就像 camh &丹尼斯·威廉姆森说不要打破管道。
现在我有更小的例子,直接在命令行上:
服务器:
客户端:
可以将关键行替换为:
读取发送到管道的所有客户端数据,尽管使用客户端的选项二可能需要启动服务器读取所有数据之前的时间。
但是,尽管读取等待管道中的数据开始,但一旦数据被推送,它就会永远读取空字符串。
有什么办法可以阻止这个吗?
再次感谢您的任何见解。
Like camh & Dennis Williamson say don't break the pipe.

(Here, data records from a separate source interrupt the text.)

(* Let $k$ be a commutative ring and $A$ a unital involutive associative $k$-algebra. There is an isomorphism \[HO_0(A)\cong \frac{A}{(a_0a_1a_2-a_2\overline{a_1}a_0)},\] where $(a_0a_1a_2-a_2\overline{a_1}a_0)$ denotes the two-sided ideal of $A$ generated by all elements $a_0a_1a_2-a_2\overline{a_1}a_0$ with $a_0,a_1,a_2\in A$. In particular, $HO_0(A)$ has a ring structure induced from the ring structure of $A$.
   Context: An involutive $k$-algebra is a unital associative $k$-algebra with a $k$-linear map $a\mapsto\overline{a}$ with $\overline{\overline{a}}=a$, $\overline{ab}=\overline{b}\,\overline{a}$, $\overline 1=1$. Let $C_2=\{1,t\}$. The hyperoctahedral category $\Delta H$: objects $[n]=\{0,\dots,n\}$, $n\ge0$; a morphism $f:[n]\to[m]$ is a map of sets with a total order on each fibre and a $C_2$-label on each element of $[n]$; composition $g\circ f$ has fibre over $i$ equal to the concatenation, in the order of $g^{-1}(i)$, of the fibres $f^{-1}(j)$, each replaced by $f^{-1}(j)^t$ (order reversed, labels multiplied by $t$) when $j$ has label $t$ in $g$; labels multiply. The hyperoctahedral bar construction $\mathsf{H}_A:\Delta H\to\mathbf{Mod}_k$ sends $[n]\mapsto A^{\otimes(n+1)}$ and $f$ to $a_0\otimes\cdots\otimes a_n\mapsto b_0\otimes\cdots\otimes b_m$, $b_i$ being the ordered product over $x\in f^{-1}(i)$ of $a_x$ (label $1$) or $\overline{a_x}$ (label $t$), empty product $1_A$. Hyperoctahedral homology is $HO_n(A)=\mathrm{Tor}_n^{\Delta H}(k^{\star},\mathsf{H}_A)$ with $k^{\star}$ the constant right $\Delta H$-module at $k$. *)

From HB Require Import structures.
From mathcomp Require Import all_boot all_order all_algebra.
Set Implicit Arguments. Unset Strict Implicit. Unset Printing Implicit Defensive.
Import GRing.Theory.
Local Open Scope ring_scope.

Definition involution (k : comPzRingType) (A : algType k) (bar : A -> A) : Prop :=
  [/\ forall (c : k) (a b : A), bar (c *: a + b) = c *: bar a + bar b,
      forall a, bar (bar a) = a,
      forall a b, bar (a * b) = bar b * bar a
    & bar 1 = 1].

(* A morphism [n] -> [m] of the hyperoctahedral category Delta H, with
   [n] = 'I_n.+1.  [fib f i] is the fibre over i, listed in its total order;
   every element of [n] lies in exactly one fibre exactly once.  [lab f x]
   is the C_2-label of x ([true] = t). *)
Record DHmor (n m : nat) := DHMor {
  fib : 'I_m.+1 -> seq 'I_n.+1;
  lab : 'I_n.+1 -> bool;
  fib_ok : perm_eq (flatten [seq fib i | i <- enum 'I_m.+1]) (enum 'I_n.+1) }.

Section Bar.
Variables (k : comPzRingType) (A : algType k) (bar : A -> A).

(* Action of the hyperoctahedral bar construction H_A on pure tensors
   a_0 (x) ... (x) a_n, represented by a : 'I_n.+1 -> A. *)
Definition Hact n m (f : DHmor n m) (a : 'I_n.+1 -> A) : 'I_m.+1 -> A :=
  fun i => \prod_(x <- fib f i) (if lab f x then bar (a x) else a x).

Definition upd n (a : 'I_n.+1 -> A) (i : 'I_n.+1) (x : A) : 'I_n.+1 -> A :=
  fun j => if j == i then x else a j.

(* k-multilinear maps A^{n+1} -> M, i.e. k-linear maps A^{(x)(n+1)} -> M. *)
Definition multilinear (M : lmodType k) n (psi : ('I_n.+1 -> A) -> M) : Prop :=
  forall (a : 'I_n.+1 -> A) (i : 'I_n.+1) (c : k) (x y : A),
    psi (upd a i (c *: x + y)) = c *: psi (upd a i x) + psi (upd a i y).

Definition cocone (M : lmodType k) (psi : forall n, ('I_n.+1 -> A) -> M) : Prop :=
  (forall n, multilinear (psi n)) /\
  (forall n m (f : DHmor n m) (a : 'I_n.+1 -> A), psi m (Hact f a) = psi n a).

(* (M, psi) is a colimit of H_A over Delta H, i.e. M = k^* (x)_{Delta H} H_A
   = Tor_0^{Delta H}(k^*, H_A) = HO_0(A). *)
Definition is_HO0 (M : lmodType k) (psi : forall n, ('I_n.+1 -> A) -> M) : Prop :=
  cocone psi /\
  forall (N : lmodType k) (chi : forall n, ('I_n.+1 -> A) -> N), cocone chi ->
    (exists u : {linear M -> N}, forall n a, u (psi n a) = chi n a) /\
    (forall u v : {linear M -> N},
        (forall n a, u (psi n a) = chi n a) ->
        (forall n a, v (psi n a) = chi n a) -> u =1 v).

Definition in_HO_ideal (x : A) : Prop :=
  forall P : A -> Prop,
    P 0 ->
    (forall u v, P u -> P v -> P (u + v)) ->
    (forall u b v, P b -> P (u * b * v)) ->
    (forall a0 a1 a2, P (a0 * a1 * a2 - a2 * bar a1 * a0)) ->
    P x.

End Bar.

From HB Require Import structures.
From mathcomp Require Import all_boot all_order all_algebra.
Set Implicit Arguments. Unset Strict Implicit. Unset Printing Implicit Defensive.
Import GRing.Theory.
Local Open Scope ring_scope.

(* Modulo the ideal I generated by a0 a1 a2 - a2 (bar a1) a0, the algebra A
   becomes commutative (a1 = 1) and bar becomes the identity (a0 = a2 = 1), so
   a |-> pi (a_0 ... a_n) is a cocone under H_A: the structure maps only
   permute the factors and apply bar to some of them.  Conversely, the
   collapses [n] -> [0] show that a cocone chi is determined by the linear map
   chi_0 on [0], via chi_n a = chi_0 (a_0 ... a_n); comparing two collapses of
   a 5-tuple shows that chi_0 kills I, hence factors uniquely through pi. *)

Section HOIdeal.
Variables (k : comPzRingType) (A : algType k) (bar : A -> A).

Local Notation I := (in_HO_ideal bar).

Lemma in_HO_ideal_gen a0 a1 a2 : I (a0 * a1 * a2 - a2 * bar a1 * a0).
Proof. by move=> P _ _ _ Pgen. Qed.

Lemma in_HO_ideal0 : I 0.
Proof. by move=> P P0 _ _ _. Qed.

Lemma in_HO_idealD x y : I x -> I y -> I (x + y).
Proof.
move=> Ix Iy P P0 PD PM Pgen.
exact: PD (Ix P P0 PD PM Pgen) (Iy P P0 PD PM Pgen).
Qed.

Lemma in_HO_idealM u x v : I x -> I (u * x * v).
Proof. by move=> Ix P P0 PD PM Pgen; exact: PM (Ix P P0 PD PM Pgen). Qed.

Lemma in_HO_idealN x : I x -> I (- x).
Proof. by move=> /(in_HO_idealM (-1) 1); rewrite mulr1 mulN1r. Qed.

Lemma linear_HO_ideal_eq0 (N : lmodType k) (f : {linear A -> N}) :
  (forall u v a0 a1 a2, f (u * (a0 * a1 * a2 - a2 * bar a1 * a0) * v) = 0) ->
  forall x, I x -> f x = 0.
Proof.
move=> f_gen x Ix; suff /(_ 1 1) : forall u v, f (u * x * v) = 0.
  by rewrite mulr1 mul1r.
apply: (Ix (fun y => forall u v, f (u * y * v) = 0)).
- by move=> u v; rewrite mulr0 mul0r linear0.
- by move=> x1 x2 f1 f2 u v; rewrite mulrDr mulrDl linearD f1 f2 addr0.
- by move=> u1 y v1 fy u v; rewrite !mulrA -(mulrA _ v1) fy.
- by move=> a0 a1 a2 u v; apply: f_gen.
Qed.

Definition HO_equiv x y := I (x - y).

Local Infix "~=" := HO_equiv (at level 70).

Lemma HO_equiv_refl x : x ~= x.
Proof. by rewrite /HO_equiv subrr; apply: in_HO_ideal0. Qed.

Lemma HO_equiv_sym x y : x ~= y -> y ~= x.
Proof. by rewrite /HO_equiv -opprB => /in_HO_idealN; rewrite opprK. Qed.

Lemma HO_equiv_trans x y z : x ~= y -> y ~= z -> x ~= z.
Proof. by move=> Ixy Iyz; rewrite /HO_equiv -(subrK y x) -addrA; apply: in_HO_idealD. Qed.

Lemma HO_equivM x x' y y' : x ~= x' -> y ~= y' -> x * y ~= x' * y'.
Proof.
move=> /(in_HO_idealM 1 y) Ix /(in_HO_idealM x' 1) Iy.
rewrite mul1r mulrBl in Ix; rewrite mulr1 mulrBr in Iy.
exact: HO_equiv_trans Ix Iy.
Qed.

Lemma HO_equiv_bar x : bar x ~= x.
Proof.
by apply: HO_equiv_sym; have := in_HO_ideal_gen 1 x 1; rewrite !mulr1 !mul1r.
Qed.

Lemma HO_equiv_prod_bar (T : Type) (s : seq T) (F : T -> A) (l : T -> bool) :
  \prod_(x <- s) (if l x then bar (F x) else F x) ~= \prod_(x <- s) F x.
Proof.
elim: s => [|x s IHs]; first by rewrite !big_nil; apply: HO_equiv_refl.
rewrite !big_cons; apply: HO_equivM IHs.
by case: (l x); [apply: HO_equiv_bar | apply: HO_equiv_refl].
Qed.

Section Commutative.
Hypothesis bar1 : bar 1 = 1.

Lemma HO_equiv_comm x y : x * y ~= y * x.
Proof. by have := in_HO_ideal_gen x 1 y; rewrite bar1 !mulr1. Qed.

Lemma HO_equiv_prod_rem (T : eqType) (s : seq T) (F : T -> A) x : x \in s ->
  \prod_(y <- s) F y ~= F x * \prod_(y <- rem x s) F y.
Proof.
elim: s => [|y s IHs] //=; rewrite inE big_cons.
have [-> _|neq_yx /= xs] := eqVneq y x; first exact: HO_equiv_refl.
apply: HO_equiv_trans (HO_equivM (HO_equiv_refl (F y)) (IHs xs)) _.
by rewrite big_cons !mulrA; exact: HO_equivM (HO_equiv_comm _ _) (HO_equiv_refl _).
Qed.

Lemma HO_equiv_perm_prod (T : eqType) (s t : seq T) (F : T -> A) :
  perm_eq s t -> \prod_(y <- s) F y ~= \prod_(y <- t) F y.
Proof.
elim: s t => [|x s IHs] t.
  by rewrite perm_sym => /perm_nilP ->; apply: HO_equiv_refl.
move=> st; have xt : x \in t by rewrite -(perm_mem st) mem_head.
apply: HO_equiv_sym; apply: HO_equiv_trans (HO_equiv_prod_rem F xt) _.
rewrite big_cons; apply: HO_equivM (HO_equiv_refl _) _; apply: HO_equiv_sym.
by apply: IHs; rewrite -(perm_cons x) (perm_trans st) // perm_to_rem.
Qed.

End Commutative.

End HOIdeal.

Lemma prod_upd_linear (k : comPzRingType) (A : algType k) n (a : 'I_n.+1 -> A)
    i c x y (s : seq 'I_n.+1) : uniq s -> i \in s ->
  \prod_(j <- s) upd a i (c *: x + y) j =
  c *: \prod_(j <- s) upd a i x j + \prod_(j <- s) upd a i y j.
Proof.
elim: s => [|j s IHs] //= /andP[js us]; rewrite inE !big_cons.
have [<- _|neq_ji /= si] := eqVneq j i; last first.
  by rewrite IHs // /upd (negbTE neq_ji) mulrDr scalerAr.
have upd_off z : \prod_(l <- s) upd a j z l = \prod_(l <- s) a l.
  by apply: eq_big_seq => l ls; rewrite /upd; case: eqP => // lj; rewrite -lj ls in js.
by rewrite !upd_off /upd eqxx mulrDl scalerAl.
Qed.

Section CoconeOfLinearMap.
Variables (k : comPzRingType) (A : algType k) (bar : A -> A) (M : lmodType k).
Variable f : {linear A -> M}.

Lemma multilinear_prod n :
  multilinear (fun a : 'I_n.+1 -> A => f (\prod_(i <- enum 'I_n.+1) a i)).
Proof. by move=> a i c x y; rewrite prod_upd_linear ?enum_uniq ?mem_enum // linearP. Qed.

Hypothesis bar1 : bar 1 = 1.

Lemma Hact_prod_equiv n m (g : DHmor n m) (a : 'I_n.+1 -> A) :
  HO_equiv bar (\prod_(i <- enum 'I_m.+1) Hact bar g a i) (\prod_(x <- enum 'I_n.+1) a x).
Proof.
rewrite /Hact -(big_map (fib g) xpredT (fun s => \prod_(x <- s) _)) -big_flatten.
exact: HO_equiv_trans (HO_equiv_prod_bar _ _ _) (HO_equiv_perm_prod bar1 _ (fib_ok g)).
Qed.

Hypothesis f_ideal : forall x, in_HO_ideal bar x -> f x = 0.

Lemma linear_HO_equiv x y : HO_equiv bar x y -> f x = f y.
Proof. by move/f_ideal/eqP; rewrite linearB subr_eq0 => /eqP. Qed.

Lemma cocone_linear_prod : cocone bar (fun n a => f (\prod_(i <- enum 'I_n.+1) a i)).
Proof.
split => [n|n m g a]; first exact: multilinear_prod.
exact: linear_HO_equiv (Hact_prod_equiv g a).
Qed.

End CoconeOfLinearMap.

Lemma enum_ord1 : enum 'I_1 = [:: ord0].
Proof. by rewrite enum_ordSl enum_ord0. Qed.

Lemma perm_fib_to0 n (s : seq 'I_n.+1) : perm_eq s (enum 'I_n.+1) ->
  perm_eq (flatten [seq s | _ <- enum 'I_1]) (enum 'I_n.+1).
Proof. by rewrite enum_ord1 /= cats0. Qed.

Definition DHmor_to0 n (s : seq 'I_n.+1) (l : 'I_n.+1 -> bool)
    (s_enum : perm_eq s (enum 'I_n.+1)) : DHmor n 0 :=
  @DHMor n 0 (fun _ => s) l (perm_fib_to0 s_enum).

Lemma perm_enum_inord n (r : seq nat) : perm_eq r (iota 0 n.+1) ->
  perm_eq [seq inord j | j <- r] (enum 'I_n.+1).
Proof.
move=> r_iota; apply: (perm_map_inj val_inj); rewrite val_enum_ord -map_comp.
rewrite (eq_in_map (val \o inord) id r).1 ?map_id // => j /=.
by rewrite (perm_mem r_iota) mem_iota => /inordK.
Qed.

Lemma linear_factor_surj (R : pzRingType) (U V W : lmodType R)
    (p : {linear U -> V}) (f : {linear U -> W}) :
    (forall v, exists u, p u = v) -> (forall u, p u = 0 -> f u = 0) ->
  exists g : {linear V -> W}, forall u, g (p u) = f u.
Proof.
move=> p_surj f_ker.
have f_compat u u' : p u = p u' -> f u = f u'.
  move=> /eqP; rewrite -subr_eq0 -linearB => /eqP/f_ker/eqP.
  by rewrite linearB subr_eq0 => /eqP.
have p_surjb v : exists u, p u == v by have [u <-] := p_surj v; exists u.
pose g v := f (xchoose (p_surjb v)).
have g_p u : g (p u) = f u by apply: f_compat (eqP (xchooseP (p_surjb (p u)))).
have g_lin : linear g.
  move=> c v w; have [u <-] := p_surj v; have [u' <-] := p_surj w.
  by rewrite -linearP !g_p linearP.
pose G : {linear V -> W} := HB.pack g (GRing.isLinear.Build R V W *:%R g g_lin).
by exists G.
Qed.

Section UniversalCocone.
Variables (k : comPzRingType) (A : algType k) (bar : A -> A) (N : lmodType k).
Variable chi : forall n, ('I_n.+1 -> A) -> N.
Hypothesis chi_cocone : cocone bar chi.

Definition cocone0 (x : A) : N := chi (fun _ : 'I_1 => x).

Lemma cocone_collapse n (s : seq 'I_n.+1) (l : 'I_n.+1 -> bool)
    (s_enum : perm_eq s (enum 'I_n.+1)) (a : 'I_n.+1 -> A) :
  chi a = cocone0 (\prod_(x <- s) (if l x then bar (a x) else a x)).
Proof. by rewrite -(chi_cocone.2 n 0%N (DHmor_to0 l s_enum) a). Qed.

Lemma cocone_prod n (a : 'I_n.+1 -> A) :
  chi a = cocone0 (\prod_(i <- enum 'I_n.+1) a i).
Proof. exact: cocone_collapse (fun _ => false) (perm_refl _) a. Qed.

Lemma cocone0E (a : 'I_1 -> A) : chi a = cocone0 (a ord0).
Proof. by rewrite cocone_prod enum_ord1 big_seq1. Qed.

Lemma cocone0_is_linear : linear cocone0.
Proof.
move=> c x y; have upd0 z : chi (upd (fun _ : 'I_1 => 0) ord0 z) = cocone0 z.
  by rewrite cocone0E /upd eqxx.
by rewrite -!upd0; apply: chi_cocone.1.
Qed.

HB.instance Definition _ := GRing.isLinear.Build k A N *:%R cocone0 cocone0_is_linear.

(* Both sides are images of the same 5-tuple (u, a0, a1, a2, v) under the
   collapses to [0] with fibre orders 0 1 2 3 4 and 0 3 2 1 4 (label t on 2). *)
Lemma cocone0_twist u v a0 a1 a2 :
  cocone0 (u * (a0 * a1 * a2) * v) = cocone0 (u * (a2 * bar a1 * a0) * v).
Proof.
pose a (i : 'I_5) := nth 0 [:: u; a0; a1; a2; v] i.
have E1 : chi a = cocone0 (u * (a0 * a1 * a2) * v).
  rewrite (cocone_collapse (fun _ => false) (@perm_enum_inord 4 [:: 0; 1; 2; 3; 4] isT)).
  by rewrite !big_cons big_nil /= /a !inordK // mulr1 !mulrA.
have E2 : chi a = cocone0 (u * (a2 * bar a1 * a0) * v).
  rewrite (cocone_collapse (fun i => val i == 2) (@perm_enum_inord 4 [:: 0; 3; 2; 1; 4] isT)).
  by rewrite !big_cons big_nil /= /a !inordK // mulr1 !mulrA.
by rewrite -E1 -E2.
Qed.

Lemma cocone0_HO_ideal x : in_HO_ideal bar x -> cocone0 x = 0.
Proof.
apply: linear_HO_ideal_eq0 => u v a0 a1 a2.
by rewrite mulrBr mulrBl linearB /= cocone0_twist subrr.
Qed.

Lemma cocone_factor (Q : lmodType k) (pi : {linear A -> Q}) :
    (forall q, exists a, pi a = q) -> (forall a, pi a = 0 -> in_HO_ideal bar a) ->
  exists g : {linear Q -> N},
    forall n (a : 'I_n.+1 -> A), g (pi (\prod_(i <- enum 'I_n.+1) a i)) = chi a.
Proof.
move=> pi_surj pi_ker.
have [g g_pi] : exists g : {linear Q -> N}, forall a, g (pi a) = cocone0 a.
  by apply: linear_factor_surj pi_surj _ => a /pi_ker/cocone0_HO_ideal.
by exists g => n a; rewrite g_pi -cocone_prod.
Qed.

End UniversalCocone.

Theorem theorem5p8 (k : comPzRingType) (A : algType k) (bar : A -> A)
    (Hbar : involution bar)
    (Q : lmodType k) (pi : {linear A -> Q})
    (pi_surj : forall q : Q, exists a : A, pi a = q)
    (pi_ker : forall a : A, pi a = 0 <-> in_HO_ideal bar a) :
  exists psi : forall n, ('I_n.+1 -> A) -> Q, is_HO0 bar psi.
Proof.
have bar1 : bar 1 = 1 by case: Hbar.
exists (fun n a => pi (\prod_(i <- enum 'I_n.+1) a i)); split.
  by apply: cocone_linear_prod bar1 _ => a /pi_ker.
move=> N chi chi_cocone; split.
  exact (cocone_factor chi_cocone pi_surj (fun a => proj1 (pi_ker a))).
move=> g h g_psi h_psi q; have [a <-] := pi_surj q.
have := g_psi 0%N (fun _ => a); have := h_psi 0%N (fun _ => a).
by rewrite enum_ord1 big_seq1 => -> ->.
Qed.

Now I have smaller examples, direct on the command line:
Server:
Client:
Can replace the key line with:
All client data sent to the pipe gets read, though with option two of the client one may need to start the server a couple of times before all data is read.
But although the read waits for data in the pipe to start with, once data has been pushed, it reads the empty string forever.
Any way to stop this?
Thanks for any insights again.
一方面,问题比我想象的更严重:
现在,在我更复杂的示例(jq_manage)中似乎有一种情况,即从管道中一遍又一遍地读取相同的数据(即使没有新数据写入其中)。
另一方面,我找到了一个简单的解决方案(根据丹尼斯的评论进行编辑):
就像魅力一样。
不涉及套接字或管道。
简单的。
On the one hand the problem is worse than I thought:
Now there seems to be a case in my more complex example (jq_manage) where the same data is being read over and over again from the pipe (even though no new data is being written to it).
On the other hand, I found a simple solution (edited following Dennis' comment):
Works like a charm.
No socket or pipe involved.
Simple.
。您可以使用 GNU Parallel 来做到这一点。您不需要此脚本。
http://www.gnu.org/software/parallel/man.html#options
您可以设置 max-procs“作业槽数。并行运行最多 N 个作业。”有一个选项可以设置您要使用的 CPU 核心数。您可以将已执行作业的列表保存到日志文件中,但这是一个测试版功能。
You can do this with GNU Parallel. You will not need a this scripting.
http://www.gnu.org/software/parallel/man.html#options
You can set max-procs "Number of jobslots. Run up to N jobs in parallel." There is an option to set the number of CPU cores you want to use. You can save the list of executed jobs to a log file, but that is a beta feature.